Task material –
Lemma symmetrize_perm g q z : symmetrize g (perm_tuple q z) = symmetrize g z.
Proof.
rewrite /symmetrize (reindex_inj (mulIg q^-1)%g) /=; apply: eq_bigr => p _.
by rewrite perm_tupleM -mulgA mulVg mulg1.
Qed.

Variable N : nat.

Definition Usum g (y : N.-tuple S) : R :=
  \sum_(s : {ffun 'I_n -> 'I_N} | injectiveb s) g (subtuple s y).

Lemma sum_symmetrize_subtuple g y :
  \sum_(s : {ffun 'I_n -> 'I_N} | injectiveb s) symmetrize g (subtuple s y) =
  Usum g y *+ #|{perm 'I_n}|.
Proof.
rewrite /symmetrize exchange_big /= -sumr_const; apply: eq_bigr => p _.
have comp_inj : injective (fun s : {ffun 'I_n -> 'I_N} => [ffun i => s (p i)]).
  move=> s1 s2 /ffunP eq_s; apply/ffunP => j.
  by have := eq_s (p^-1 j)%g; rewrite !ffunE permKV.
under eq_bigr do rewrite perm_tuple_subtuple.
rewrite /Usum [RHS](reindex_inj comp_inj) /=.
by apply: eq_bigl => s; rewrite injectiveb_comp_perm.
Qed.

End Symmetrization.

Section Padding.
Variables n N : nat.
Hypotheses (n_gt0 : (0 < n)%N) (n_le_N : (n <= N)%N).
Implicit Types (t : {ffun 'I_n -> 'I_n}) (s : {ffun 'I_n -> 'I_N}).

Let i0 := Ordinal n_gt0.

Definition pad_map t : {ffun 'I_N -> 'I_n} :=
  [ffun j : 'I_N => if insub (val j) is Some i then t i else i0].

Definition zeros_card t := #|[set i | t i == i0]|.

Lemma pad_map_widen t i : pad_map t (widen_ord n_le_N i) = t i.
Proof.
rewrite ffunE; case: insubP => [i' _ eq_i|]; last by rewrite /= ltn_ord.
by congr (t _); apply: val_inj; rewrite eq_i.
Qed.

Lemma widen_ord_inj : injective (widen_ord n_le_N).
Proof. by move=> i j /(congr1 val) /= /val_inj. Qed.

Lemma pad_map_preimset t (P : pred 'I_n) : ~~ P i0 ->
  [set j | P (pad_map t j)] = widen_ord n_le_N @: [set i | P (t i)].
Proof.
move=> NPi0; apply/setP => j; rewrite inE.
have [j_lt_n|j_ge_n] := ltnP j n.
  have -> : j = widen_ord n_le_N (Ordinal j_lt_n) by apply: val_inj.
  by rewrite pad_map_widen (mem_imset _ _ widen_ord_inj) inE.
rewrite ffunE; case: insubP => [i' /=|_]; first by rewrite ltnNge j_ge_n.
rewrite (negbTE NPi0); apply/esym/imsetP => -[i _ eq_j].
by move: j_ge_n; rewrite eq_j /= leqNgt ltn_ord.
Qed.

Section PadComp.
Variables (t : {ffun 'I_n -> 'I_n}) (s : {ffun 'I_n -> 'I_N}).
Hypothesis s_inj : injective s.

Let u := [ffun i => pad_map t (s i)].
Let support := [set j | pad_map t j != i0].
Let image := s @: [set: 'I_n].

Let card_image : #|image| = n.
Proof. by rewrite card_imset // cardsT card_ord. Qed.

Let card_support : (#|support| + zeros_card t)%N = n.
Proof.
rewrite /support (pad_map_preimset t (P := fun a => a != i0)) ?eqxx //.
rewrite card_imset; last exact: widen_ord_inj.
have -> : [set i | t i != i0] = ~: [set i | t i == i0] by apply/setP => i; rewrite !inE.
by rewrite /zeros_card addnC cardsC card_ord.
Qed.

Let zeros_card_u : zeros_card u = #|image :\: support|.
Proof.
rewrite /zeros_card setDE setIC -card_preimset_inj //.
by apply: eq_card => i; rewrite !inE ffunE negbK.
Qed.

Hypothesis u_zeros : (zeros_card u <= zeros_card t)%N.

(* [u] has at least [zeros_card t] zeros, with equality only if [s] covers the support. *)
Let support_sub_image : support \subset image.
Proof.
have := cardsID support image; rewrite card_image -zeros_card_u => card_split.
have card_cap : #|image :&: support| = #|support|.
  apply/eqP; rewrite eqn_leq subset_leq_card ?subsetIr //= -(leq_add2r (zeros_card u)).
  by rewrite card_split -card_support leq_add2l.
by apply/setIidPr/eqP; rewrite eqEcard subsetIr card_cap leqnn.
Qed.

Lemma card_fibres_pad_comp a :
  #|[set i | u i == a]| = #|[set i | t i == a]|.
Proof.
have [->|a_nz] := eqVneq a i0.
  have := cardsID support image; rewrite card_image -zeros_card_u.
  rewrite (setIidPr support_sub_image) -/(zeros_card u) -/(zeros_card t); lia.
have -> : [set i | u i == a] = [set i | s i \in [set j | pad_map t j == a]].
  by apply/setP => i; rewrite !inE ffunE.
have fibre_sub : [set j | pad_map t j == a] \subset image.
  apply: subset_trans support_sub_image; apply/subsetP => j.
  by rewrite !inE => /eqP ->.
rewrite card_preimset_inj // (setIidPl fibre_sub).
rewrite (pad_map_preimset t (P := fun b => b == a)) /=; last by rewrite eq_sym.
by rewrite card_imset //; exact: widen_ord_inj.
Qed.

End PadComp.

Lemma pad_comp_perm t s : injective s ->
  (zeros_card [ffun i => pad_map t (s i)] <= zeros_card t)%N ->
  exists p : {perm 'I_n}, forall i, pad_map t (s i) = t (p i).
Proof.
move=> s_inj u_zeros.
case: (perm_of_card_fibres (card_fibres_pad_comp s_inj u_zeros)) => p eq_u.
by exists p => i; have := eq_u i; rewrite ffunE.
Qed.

--

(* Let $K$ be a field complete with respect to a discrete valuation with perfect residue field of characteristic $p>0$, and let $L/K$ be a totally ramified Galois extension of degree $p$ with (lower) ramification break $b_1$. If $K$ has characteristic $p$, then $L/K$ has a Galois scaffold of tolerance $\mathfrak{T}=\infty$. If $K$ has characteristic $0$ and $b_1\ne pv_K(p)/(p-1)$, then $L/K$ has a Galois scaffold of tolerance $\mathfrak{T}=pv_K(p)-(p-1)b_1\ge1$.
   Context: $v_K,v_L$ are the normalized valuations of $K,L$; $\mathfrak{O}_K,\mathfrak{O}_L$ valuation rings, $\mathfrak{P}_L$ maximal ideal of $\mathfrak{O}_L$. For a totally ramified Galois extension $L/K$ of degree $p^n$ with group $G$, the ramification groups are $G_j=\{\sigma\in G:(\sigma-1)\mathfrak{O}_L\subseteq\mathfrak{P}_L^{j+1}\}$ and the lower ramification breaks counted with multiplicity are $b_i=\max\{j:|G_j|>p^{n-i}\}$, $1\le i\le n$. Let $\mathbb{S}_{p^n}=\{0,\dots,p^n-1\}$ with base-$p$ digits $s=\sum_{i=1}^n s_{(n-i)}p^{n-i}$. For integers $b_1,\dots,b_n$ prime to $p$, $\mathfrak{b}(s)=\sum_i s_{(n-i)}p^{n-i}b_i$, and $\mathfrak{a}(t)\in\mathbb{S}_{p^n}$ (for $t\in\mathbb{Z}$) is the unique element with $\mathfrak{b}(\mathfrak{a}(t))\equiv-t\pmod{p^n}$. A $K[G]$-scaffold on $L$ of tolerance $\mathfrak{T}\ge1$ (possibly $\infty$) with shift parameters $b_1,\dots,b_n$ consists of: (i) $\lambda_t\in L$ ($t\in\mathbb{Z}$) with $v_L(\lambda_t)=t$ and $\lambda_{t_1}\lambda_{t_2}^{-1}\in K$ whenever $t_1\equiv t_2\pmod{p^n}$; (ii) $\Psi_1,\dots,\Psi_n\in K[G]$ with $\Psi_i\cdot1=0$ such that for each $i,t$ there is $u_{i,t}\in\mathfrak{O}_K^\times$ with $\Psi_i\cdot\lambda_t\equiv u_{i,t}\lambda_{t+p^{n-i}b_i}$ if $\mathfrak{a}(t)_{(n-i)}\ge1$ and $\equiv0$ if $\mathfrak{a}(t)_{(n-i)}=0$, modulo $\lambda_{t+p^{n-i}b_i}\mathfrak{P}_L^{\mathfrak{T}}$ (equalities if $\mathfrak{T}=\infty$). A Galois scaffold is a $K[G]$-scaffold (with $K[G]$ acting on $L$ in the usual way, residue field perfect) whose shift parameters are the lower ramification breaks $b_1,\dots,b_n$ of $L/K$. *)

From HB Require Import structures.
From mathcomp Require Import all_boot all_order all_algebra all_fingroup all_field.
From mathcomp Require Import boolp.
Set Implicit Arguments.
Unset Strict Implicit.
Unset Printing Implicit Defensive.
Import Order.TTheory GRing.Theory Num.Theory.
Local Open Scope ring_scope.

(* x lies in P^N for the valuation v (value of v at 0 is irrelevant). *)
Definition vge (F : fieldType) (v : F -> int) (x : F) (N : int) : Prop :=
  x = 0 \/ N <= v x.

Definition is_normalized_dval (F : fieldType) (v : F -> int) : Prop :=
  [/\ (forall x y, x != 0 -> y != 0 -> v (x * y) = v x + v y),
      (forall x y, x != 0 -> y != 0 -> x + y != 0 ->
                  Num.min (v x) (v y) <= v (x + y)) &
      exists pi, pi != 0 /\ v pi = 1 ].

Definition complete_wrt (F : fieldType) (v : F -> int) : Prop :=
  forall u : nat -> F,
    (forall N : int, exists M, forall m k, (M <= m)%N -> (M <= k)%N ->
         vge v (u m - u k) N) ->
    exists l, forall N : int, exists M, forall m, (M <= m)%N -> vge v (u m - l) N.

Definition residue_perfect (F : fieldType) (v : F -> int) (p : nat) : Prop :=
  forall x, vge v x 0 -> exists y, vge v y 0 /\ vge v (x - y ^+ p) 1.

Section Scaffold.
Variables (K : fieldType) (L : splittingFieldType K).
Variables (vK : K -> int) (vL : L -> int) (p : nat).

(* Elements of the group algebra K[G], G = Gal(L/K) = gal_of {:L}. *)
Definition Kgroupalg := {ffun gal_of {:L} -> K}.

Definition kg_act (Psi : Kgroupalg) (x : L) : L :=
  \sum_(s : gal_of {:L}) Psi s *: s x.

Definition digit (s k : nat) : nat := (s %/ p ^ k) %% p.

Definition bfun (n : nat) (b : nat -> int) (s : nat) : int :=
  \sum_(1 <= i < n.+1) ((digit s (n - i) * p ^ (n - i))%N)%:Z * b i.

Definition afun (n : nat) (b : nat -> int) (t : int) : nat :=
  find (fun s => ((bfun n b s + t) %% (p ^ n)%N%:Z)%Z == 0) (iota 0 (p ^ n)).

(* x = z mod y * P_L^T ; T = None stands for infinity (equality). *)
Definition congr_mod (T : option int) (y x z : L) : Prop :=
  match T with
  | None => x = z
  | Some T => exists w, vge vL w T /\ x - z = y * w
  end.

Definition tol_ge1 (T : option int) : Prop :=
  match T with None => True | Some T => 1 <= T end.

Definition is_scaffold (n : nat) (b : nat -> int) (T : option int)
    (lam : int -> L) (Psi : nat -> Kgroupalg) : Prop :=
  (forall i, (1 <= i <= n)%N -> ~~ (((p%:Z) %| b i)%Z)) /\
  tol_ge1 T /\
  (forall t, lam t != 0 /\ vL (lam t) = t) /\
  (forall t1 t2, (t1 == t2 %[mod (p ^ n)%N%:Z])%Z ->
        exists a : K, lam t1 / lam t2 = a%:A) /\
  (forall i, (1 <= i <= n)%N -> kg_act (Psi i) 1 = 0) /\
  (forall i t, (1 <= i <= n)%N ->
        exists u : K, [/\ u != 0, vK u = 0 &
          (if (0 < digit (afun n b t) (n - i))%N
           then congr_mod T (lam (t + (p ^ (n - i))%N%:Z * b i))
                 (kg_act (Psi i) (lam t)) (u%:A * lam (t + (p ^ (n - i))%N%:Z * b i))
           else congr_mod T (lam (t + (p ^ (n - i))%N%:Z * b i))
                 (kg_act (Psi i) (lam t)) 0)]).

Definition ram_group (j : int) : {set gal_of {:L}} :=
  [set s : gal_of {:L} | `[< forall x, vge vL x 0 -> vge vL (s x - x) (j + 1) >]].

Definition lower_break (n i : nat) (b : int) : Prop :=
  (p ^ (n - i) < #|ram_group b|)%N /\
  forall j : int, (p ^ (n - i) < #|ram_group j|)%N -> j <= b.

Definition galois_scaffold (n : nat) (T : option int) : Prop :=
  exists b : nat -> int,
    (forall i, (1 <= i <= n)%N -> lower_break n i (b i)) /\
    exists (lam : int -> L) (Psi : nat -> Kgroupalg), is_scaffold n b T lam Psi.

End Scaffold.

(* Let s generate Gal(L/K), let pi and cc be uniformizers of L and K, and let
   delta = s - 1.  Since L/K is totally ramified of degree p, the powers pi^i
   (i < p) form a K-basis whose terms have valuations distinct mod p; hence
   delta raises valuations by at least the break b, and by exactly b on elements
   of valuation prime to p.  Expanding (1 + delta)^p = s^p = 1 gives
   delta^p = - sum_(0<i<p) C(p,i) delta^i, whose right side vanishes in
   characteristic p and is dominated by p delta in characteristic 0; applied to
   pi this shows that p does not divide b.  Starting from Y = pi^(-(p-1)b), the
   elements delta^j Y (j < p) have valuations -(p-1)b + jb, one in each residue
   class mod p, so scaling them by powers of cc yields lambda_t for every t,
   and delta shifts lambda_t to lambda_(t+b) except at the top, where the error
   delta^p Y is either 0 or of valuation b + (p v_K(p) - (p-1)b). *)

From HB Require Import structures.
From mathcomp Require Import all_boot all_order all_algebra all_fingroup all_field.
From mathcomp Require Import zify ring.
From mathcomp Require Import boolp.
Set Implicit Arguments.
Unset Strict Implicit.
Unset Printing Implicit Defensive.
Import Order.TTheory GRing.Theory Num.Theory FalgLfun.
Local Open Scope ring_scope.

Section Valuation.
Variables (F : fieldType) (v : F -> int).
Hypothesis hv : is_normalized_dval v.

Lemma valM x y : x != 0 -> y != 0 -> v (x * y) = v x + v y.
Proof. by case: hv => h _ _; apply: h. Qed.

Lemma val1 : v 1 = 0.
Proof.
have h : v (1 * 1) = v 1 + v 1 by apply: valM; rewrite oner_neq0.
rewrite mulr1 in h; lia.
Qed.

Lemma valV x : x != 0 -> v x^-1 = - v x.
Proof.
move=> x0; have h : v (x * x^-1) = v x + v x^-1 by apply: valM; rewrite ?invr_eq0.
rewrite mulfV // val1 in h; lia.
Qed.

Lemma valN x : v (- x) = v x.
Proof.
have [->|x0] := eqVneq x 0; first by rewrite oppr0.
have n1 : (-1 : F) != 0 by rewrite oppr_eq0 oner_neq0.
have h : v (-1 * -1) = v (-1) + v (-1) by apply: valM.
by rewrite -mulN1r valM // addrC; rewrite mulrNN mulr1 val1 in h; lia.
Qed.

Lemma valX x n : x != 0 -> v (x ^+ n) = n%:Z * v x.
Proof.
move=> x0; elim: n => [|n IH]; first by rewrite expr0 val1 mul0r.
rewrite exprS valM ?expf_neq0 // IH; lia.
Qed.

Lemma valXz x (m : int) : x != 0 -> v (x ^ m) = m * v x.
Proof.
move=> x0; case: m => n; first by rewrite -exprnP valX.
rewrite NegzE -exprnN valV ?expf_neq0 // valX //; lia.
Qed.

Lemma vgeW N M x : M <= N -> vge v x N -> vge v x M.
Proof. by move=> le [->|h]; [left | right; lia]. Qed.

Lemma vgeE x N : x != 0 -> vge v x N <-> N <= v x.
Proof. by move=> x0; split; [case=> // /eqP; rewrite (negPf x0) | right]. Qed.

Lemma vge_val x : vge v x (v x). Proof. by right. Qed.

...

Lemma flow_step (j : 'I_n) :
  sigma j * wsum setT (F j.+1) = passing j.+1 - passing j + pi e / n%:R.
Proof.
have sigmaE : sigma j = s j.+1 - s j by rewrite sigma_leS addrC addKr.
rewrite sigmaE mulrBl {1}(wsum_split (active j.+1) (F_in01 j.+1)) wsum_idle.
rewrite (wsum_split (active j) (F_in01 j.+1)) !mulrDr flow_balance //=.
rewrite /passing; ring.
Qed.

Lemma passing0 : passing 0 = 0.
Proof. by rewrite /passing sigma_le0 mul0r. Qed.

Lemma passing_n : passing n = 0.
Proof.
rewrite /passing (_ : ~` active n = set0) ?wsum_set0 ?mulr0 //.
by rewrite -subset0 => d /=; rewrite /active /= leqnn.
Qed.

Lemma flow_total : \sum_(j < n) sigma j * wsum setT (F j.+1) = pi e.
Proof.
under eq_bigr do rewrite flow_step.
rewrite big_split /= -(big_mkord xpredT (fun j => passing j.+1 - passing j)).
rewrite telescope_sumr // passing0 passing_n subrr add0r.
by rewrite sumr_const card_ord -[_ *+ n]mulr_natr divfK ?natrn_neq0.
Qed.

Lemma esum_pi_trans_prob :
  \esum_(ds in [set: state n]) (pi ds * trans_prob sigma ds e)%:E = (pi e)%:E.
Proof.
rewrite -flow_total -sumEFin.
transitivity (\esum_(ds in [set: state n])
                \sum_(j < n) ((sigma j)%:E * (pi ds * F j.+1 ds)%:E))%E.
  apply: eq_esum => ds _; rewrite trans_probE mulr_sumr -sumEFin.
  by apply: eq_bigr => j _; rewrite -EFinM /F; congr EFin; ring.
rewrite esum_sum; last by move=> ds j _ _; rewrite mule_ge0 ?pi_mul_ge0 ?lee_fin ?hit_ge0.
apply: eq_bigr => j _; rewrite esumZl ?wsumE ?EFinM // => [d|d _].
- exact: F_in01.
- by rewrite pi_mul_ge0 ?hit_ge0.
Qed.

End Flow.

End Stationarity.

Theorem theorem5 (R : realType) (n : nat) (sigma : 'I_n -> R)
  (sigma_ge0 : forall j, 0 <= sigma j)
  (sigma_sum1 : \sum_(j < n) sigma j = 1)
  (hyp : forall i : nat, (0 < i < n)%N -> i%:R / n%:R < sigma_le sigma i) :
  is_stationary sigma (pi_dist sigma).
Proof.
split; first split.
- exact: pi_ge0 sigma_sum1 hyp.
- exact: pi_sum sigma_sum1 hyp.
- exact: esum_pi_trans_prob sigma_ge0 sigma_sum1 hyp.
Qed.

Requirement – Work through the material and count the lines containing "subsetIr". Answer with the number alone.

Solution for this exercise – 2